(* Let $m\ge1$, $F(x)=|x^h|^2$ and $G(x)=-x^3$ on $\Omega=\mathbb R^2\times\,]0,1[$. Let $(\widetilde\varrho_\varepsilon)_{0<\varepsilon\le1}$ be a family of positive functions on $\Omega$ solving $\Pi(\widetilde\varrho_\varepsilon(x))=\varepsilon^{2(m-1)}F(x)+\varepsilon^mG(x)$ for all $x\in\Omega$. Then there exist $\varepsilon_0>0$ and $0<\rho_*<1$ such that $\widetilde\varrho_\varepsilon(x)\ge\rho_*$ for all $\varepsilon\in\,]0,\varepsilon_0]$ and all $x\in\Omega$.
   Context: Points of $\Omega$ are $x=(x^h,x^3)$ with $x^h\in\mathbb R^2$. The pressure is $p(\varrho,\vartheta)=\vartheta^{5/2}P(\varrho/\vartheta^{3/2})+\frac a3\vartheta^4$ with $a>0$, where $P\in C^1([0,\infty))\cap C^2(]0,\infty[)$, $P(0)=0$, $P'(Z)>0$ for all $Z\ge0$, $0<\big(\frac53P(Z)-P'(Z)Z\big)/Z<c$ for all $Z>0$, and $\lim_{Z\to+\infty}P(Z)/Z^{5/3}=P_\infty>0$. Fix a constant $\overline\vartheta>0$ and set $\Pi(\varrho):=\int_1^\varrho\frac{\partial_\varrho p(z,\overline\vartheta)}{z}dz$ for $\varrho>0$. *)

From Stdlib Require Import Reals.
From Coquelicot Require Import Coquelicot.
Open Scope R_scope.

Definition pressure (P : R -> R) (a rho theta : R) : R :=
  Rpower theta (5/2) * P (rho / Rpower theta (3/2)) + a / 3 * theta ^ 4.

Definition Pi_fun (P : R -> R) (a thetabar rho : R) : R :=
  RInt (fun z => Derive (fun r => pressure P a r thetabar) z / z) 1 rho.

Definition pressure_hyp (P dP : R -> R) (c Pinf : R) : Prop :=
  (* C^1 on [0,oo): derivative dP on ]0,oo[, right derivative at 0,
     dP continuous on ]0,oo[ and right-continuous at 0 *)
  (forall Z, 0 < Z -> is_derive P Z (dP Z)) /\
  filterlim (fun h => (P h - P 0) / h) (at_right 0) (locally (dP 0)) /\
  (forall Z, 0 < Z -> continuous dP Z) /\
  filterlim dP (at_right 0) (locally (dP 0)) /\
  (exists d2P : R -> R,
      forall Z, 0 < Z -> is_derive dP Z (d2P Z) /\ continuous d2P Z) /\
  P 0 = 0 /\
  (forall Z, 0 <= Z -> 0 < dP Z) /\
  (forall Z, 0 < Z -> 0 < (5/3 * P Z - dP Z * Z) / Z /\
                      (5/3 * P Z - dP Z * Z) / Z < c) /\
  is_lim (fun Z => P Z / Rpower Z (5/3)) p_infty Pinf /\
  0 < Pinf.

(* Pi' = d_rho p(., thetabar) / rho is positive on ]0,oo[ and Pi(1) = 0, so Pi is
   increasing with Pi(1/2) < 0.  The right-hand side of the equation is > -eps^m >= -eps,
   hence exceeds Pi(1/2) once eps <= -Pi(1/2), and monotonicity of Pi forces
   rho_eps >= 1/2.  Only the positivity and continuity of P' enter; Rpower is positive
   by construction. *)

From Stdlib Require Import Reals Lra.
From Coquelicot Require Import Coquelicot.
Open Scope R_scope.

Lemma Rpower_le_base (e m : R) : 0 < e <= 1 -> 1 <= m -> Rpower e m <= e.
Proof.
  intros [He0 He1] Hm.
  assert (Hln : ln e <= 0) by (rewrite <- ln_1; apply ln_le; lra).
  unfold Rpower. rewrite <- (exp_ln e) at 2 by lra.
  apply Rnot_lt_le. intros Hlt. apply exp_lt_inv in Hlt. nra.
Qed.

Section IntegralOfPositive.

Variable f : R -> R.
Hypothesis f_cont : forall z, 0 < z -> continuous f z.
Hypothesis f_pos : forall z, 0 < z -> 0 < f z.

Lemma ex_RInt_pos (u v : R) : 0 < u -> 0 < v -> ex_RInt f u v.
Proof.
  intros Hu Hv. apply (@ex_RInt_continuous R_CompleteNormedModule). intros z [Hz _].
  apply f_cont. apply Rlt_le_trans with (Rmin u v); [apply Rmin_glb_lt |]; lra.
Qed.

Lemma RInt_pos_le (b r s : R) : 0 < b -> 0 < r <= s -> RInt f b r <= RInt f b s.
Proof.
  intros Hb Hrs.
  rewrite <- (RInt_Chasles f b r s) by (apply ex_RInt_pos; lra).
  assert (0 <= RInt f r s).
  { apply RInt_ge_0; [lra | apply ex_RInt_pos; lra |].
    intros x Hx. left. apply f_pos. lra. }
  change (RInt f b r <= RInt f b r + RInt f r s). lra.
Qed.

Lemma RInt_pos_lt_0 (b s : R) : 0 < s < b -> RInt f b s < 0.
Proof.
  intros Hs.
  rewrite <- opp_RInt_swap by (apply ex_RInt_pos; lra).
  assert (0 < RInt f s b).
  { apply RInt_gt_0; [lra | |]; intros x Hx; [apply f_pos | apply f_cont]; lra. }
  change (- RInt f s b < 0). lra.
Qed.

End IntegralOfPositive.

Section PiFunction.

Variables (P dP : R -> R) (a thetabar : R).
Hypothesis P_derive : forall Z, 0 < Z -> is_derive P Z (dP Z).
Hypothesis dP_cont : forall Z, 0 < Z -> continuous dP Z.
Hypothesis dP_pos : forall Z, 0 < Z -> 0 < dP Z.

Let k := Rpower thetabar (3/2).

Definition Pi_density (z : R) : R := Rpower thetabar (5/2) / k * dP (z / k) / z.

Lemma pressure_is_derive (z : R) : 0 < z ->
  is_derive (fun r => pressure P a r thetabar) z (Rpower thetabar (5/2) / k * dP (z / k)).
Proof.
  intros Hz. unfold pressure.
  assert (Hk : 0 < k) by apply exp_pos.
  evar_last.
  - apply (is_derive_plus (fun r => Rpower thetabar (5/2) * P (r / k)) (fun _ => a / 3 * thetabar ^ 4));
      [| apply is_derive_const].
    apply is_derive_scal. apply (is_derive_comp P (fun r => r / k)).
    + apply P_derive. apply Rdiv_lt_0_compat; lra.
    + auto_derive; auto.
  - rewrite plus_zero_r. change (scal ?s ?v) with (s * v). field. lra.
Qed.

Lemma Pi_density_continuous (z : R) : 0 < z -> continuous Pi_density z.
Proof.
  intros Hz. assert (Hk : 0 < k) by apply exp_pos.
  apply (continuous_mult (fun y => Rpower thetabar (5/2) / k * dP (y / k)) Rinv).
  - apply (continuous_mult (fun _ => Rpower thetabar (5/2) / k) (fun y => dP (y / k)));
      [apply continuous_const |].
    apply (continuous_comp (fun y => y / k) dP).
    + apply (continuous_mult (fun y => y) (fun _ => / k)); [apply continuous_id | apply continuous_const].
    + apply dP_cont. apply Rdiv_lt_0_compat; lra.
  - apply continuous_Rinv. lra.
Qed.

Lemma Pi_density_pos (z : R) : 0 < z -> 0 < Pi_density z.
Proof.
  intros Hz. assert (Hk : 0 < k) by apply exp_pos.
  unfold Pi_density. apply Rdiv_lt_0_compat; [| lra].
  apply Rmult_lt_0_compat; [apply Rdiv_lt_0_compat; [apply exp_pos | lra] |].
  apply dP_pos. apply Rdiv_lt_0_compat; lra.
Qed.

Lemma Pi_fun_RInt (r : R) : 0 < r -> Pi_fun P a thetabar r = RInt Pi_density 1 r.
Proof.
  intros Hr. unfold Pi_fun. apply RInt_ext. intros z Hz.
  assert (Hz0 : 0 < z) by (apply Rlt_trans with (Rmin 1 r); [apply Rmin_glb_lt |]; lra).
  unfold Pi_density. f_equal. apply is_derive_unique, pressure_is_derive, Hz0.
Qed.

Lemma Pi_fun_le (r s : R) : 0 < r <= s -> Pi_fun P a thetabar r <= Pi_fun P a thetabar s.
Proof.
  intros Hrs. rewrite !Pi_fun_RInt by lra.
  apply RInt_pos_le; [exact Pi_density_continuous | exact Pi_density_pos | lra | lra].
Qed.

Lemma Pi_fun_lt_0 (s : R) : 0 < s < 1 -> Pi_fun P a thetabar s < 0.
Proof.
  intros Hs. rewrite Pi_fun_RInt by lra.
  apply RInt_pos_lt_0; [exact Pi_density_continuous | exact Pi_density_pos | lra].
Qed.

End PiFunction.

Lemma forcing_gt_opp (eps m x1 x2 x3 : R) : 0 < eps <= 1 -> 1 <= m -> 0 < x3 < 1 ->
  - eps < Rpower eps (2 * (m - 1)) * (x1 ^ 2 + x2 ^ 2) + Rpower eps m * (- x3).
Proof.
  intros He Hm Hx3.
  pose proof (Rpower_le_base eps m He Hm).
  pose proof (exp_pos (2 * (m - 1) * ln eps)).
  pose proof (exp_pos (m * ln eps)).
  unfold Rpower in *.
  assert (0 <= x1 ^ 2 + x2 ^ 2) by nra.
  nra.
Qed.

Theorem lemma2p2
  (P dP : R -> R) (c Pinf a thetabar m : R)
  (hP : pressure_hyp P dP c Pinf) (ha : 0 < a) (hth : 0 < thetabar)
  (hm : 1 <= m)
  (rho : R -> R -> R -> R -> R)
  (hpos : forall eps x1 x2 x3, 0 < eps <= 1 -> 0 < x3 < 1 ->
            0 < rho eps x1 x2 x3)
  (heq : forall eps x1 x2 x3, 0 < eps <= 1 -> 0 < x3 < 1 ->
            Pi_fun P a thetabar (rho eps x1 x2 x3)
            = Rpower eps (2 * (m - 1)) * (x1 ^ 2 + x2 ^ 2)
              + Rpower eps m * (- x3)) :
  exists eps0 rhos, 0 < eps0 /\ 0 < rhos < 1 /\
    forall eps x1 x2 x3, 0 < eps <= eps0 -> 0 < x3 < 1 ->
      rhos <= rho eps x1 x2 x3.
Proof.
  destruct hP as (P_derive & _ & dP_cont & _ & _ & _ & dP_nonneg_pos & _).
  assert (dP_pos : forall Z, 0 < Z -> 0 < dP Z) by (intros Z HZ; apply dP_nonneg_pos; lra).
  set (q := - Pi_fun P a thetabar (1/2)).
  assert (Hq : 0 < q).
  { pose proof (Pi_fun_lt_0 P dP a thetabar P_derive dP_cont dP_pos (1/2)). unfold q. lra. }
  exists (Rmin 1 q), (1/2). split; [apply Rmin_glb_lt; lra |]. split; [lra |].
  intros eps x1 x2 x3 He Hx3.
  pose proof (Rmin_l 1 q). pose proof (Rmin_r 1 q).
  assert (He1 : 0 < eps <= 1) by lra.
  apply Rnot_lt_le. intros Hlt.
  pose proof (Pi_fun_le P dP a thetabar P_derive dP_cont dP_pos (rho eps x1 x2 x3) (1/2)
                (conj (hpos eps x1 x2 x3 He1 Hx3) (Rlt_le _ _ Hlt))) as HPi.
  rewrite heq in HPi by assumption.
  pose proof (forcing_gt_opp eps m x1 x2 x3 He1 hm Hx3).
  unfold q in *. lra.
Qed.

__Problem to solve__:
Could you repeat exactly the lines in the listing above from the one with "End PiFunction." down to the one with "pose proof (Pi_fun_le"? Include both of those lines.

__Exercise solution__:
End PiFunction.

Lemma forcing_gt_opp (eps m x1 x2 x3 : R) : 0 < eps <= 1 -> 1 <= m -> 0 < x3 < 1 ->
  - eps < Rpower eps (2 * (m - 1)) * (x1 ^ 2 + x2 ^ 2) + Rpower eps m * (- x3).
Proof.
  intros He Hm Hx3.
  pose proof (Rpower_le_base eps m He Hm).
  pose proof (exp_pos (2 * (m - 1) * ln eps)).
  pose proof (exp_pos (m * ln eps)).
  unfold Rpower in *.
  assert (0 <= x1 ^ 2 + x2 ^ 2) by nra.
  nra.
Qed.

Theorem lemma2p2
  (P dP : R -> R) (c Pinf a thetabar m : R)
  (hP : pressure_hyp P dP c Pinf) (ha : 0 < a) (hth : 0 < thetabar)
  (hm : 1 <= m)
  (rho : R -> R -> R -> R -> R)
  (hpos : forall eps x1 x2 x3, 0 < eps <= 1 -> 0 < x3 < 1 ->
            0 < rho eps x1 x2 x3)
  (heq : forall eps x1 x2 x3, 0 < eps <= 1 -> 0 < x3 < 1 ->
            Pi_fun P a thetabar (rho eps x1 x2 x3)
            = Rpower eps (2 * (m - 1)) * (x1 ^ 2 + x2 ^ 2)
              + Rpower eps m * (- x3)) :
  exists eps0 rhos, 0 < eps0 /\ 0 < rhos < 1 /\
    forall eps x1 x2 x3, 0 < eps <= eps0 -> 0 < x3 < 1 ->
      rhos <= rho eps x1 x2 x3.
Proof.
  destruct hP as (P_derive & _ & dP_cont & _ & _ & _ & dP_nonneg_pos & _).
  assert (dP_pos : forall Z, 0 < Z -> 0 < dP Z) by (intros Z HZ; apply dP_nonneg_pos; lra).
  set (q := - Pi_fun P a thetabar (1/2)).
  assert (Hq : 0 < q).
  { pose proof (Pi_fun_lt_0 P dP a thetabar P_derive dP_cont dP_pos (1/2)). unfold q. lra. }
  exists (Rmin 1 q), (1/2). split; [apply Rmin_glb_lt; lra |]. split; [lra |].
  intros eps x1 x2 x3 He Hx3.
  pose proof (Rmin_l 1 q). pose proof (Rmin_r 1 q).
  assert (He1 : 0 < eps <= 1) by lra.
  apply Rnot_lt_le. intros Hlt.
  pose proof (Pi_fun_le P dP a thetabar P_derive dP_cont dP_pos (rho eps x1 x2 x3) (1/2)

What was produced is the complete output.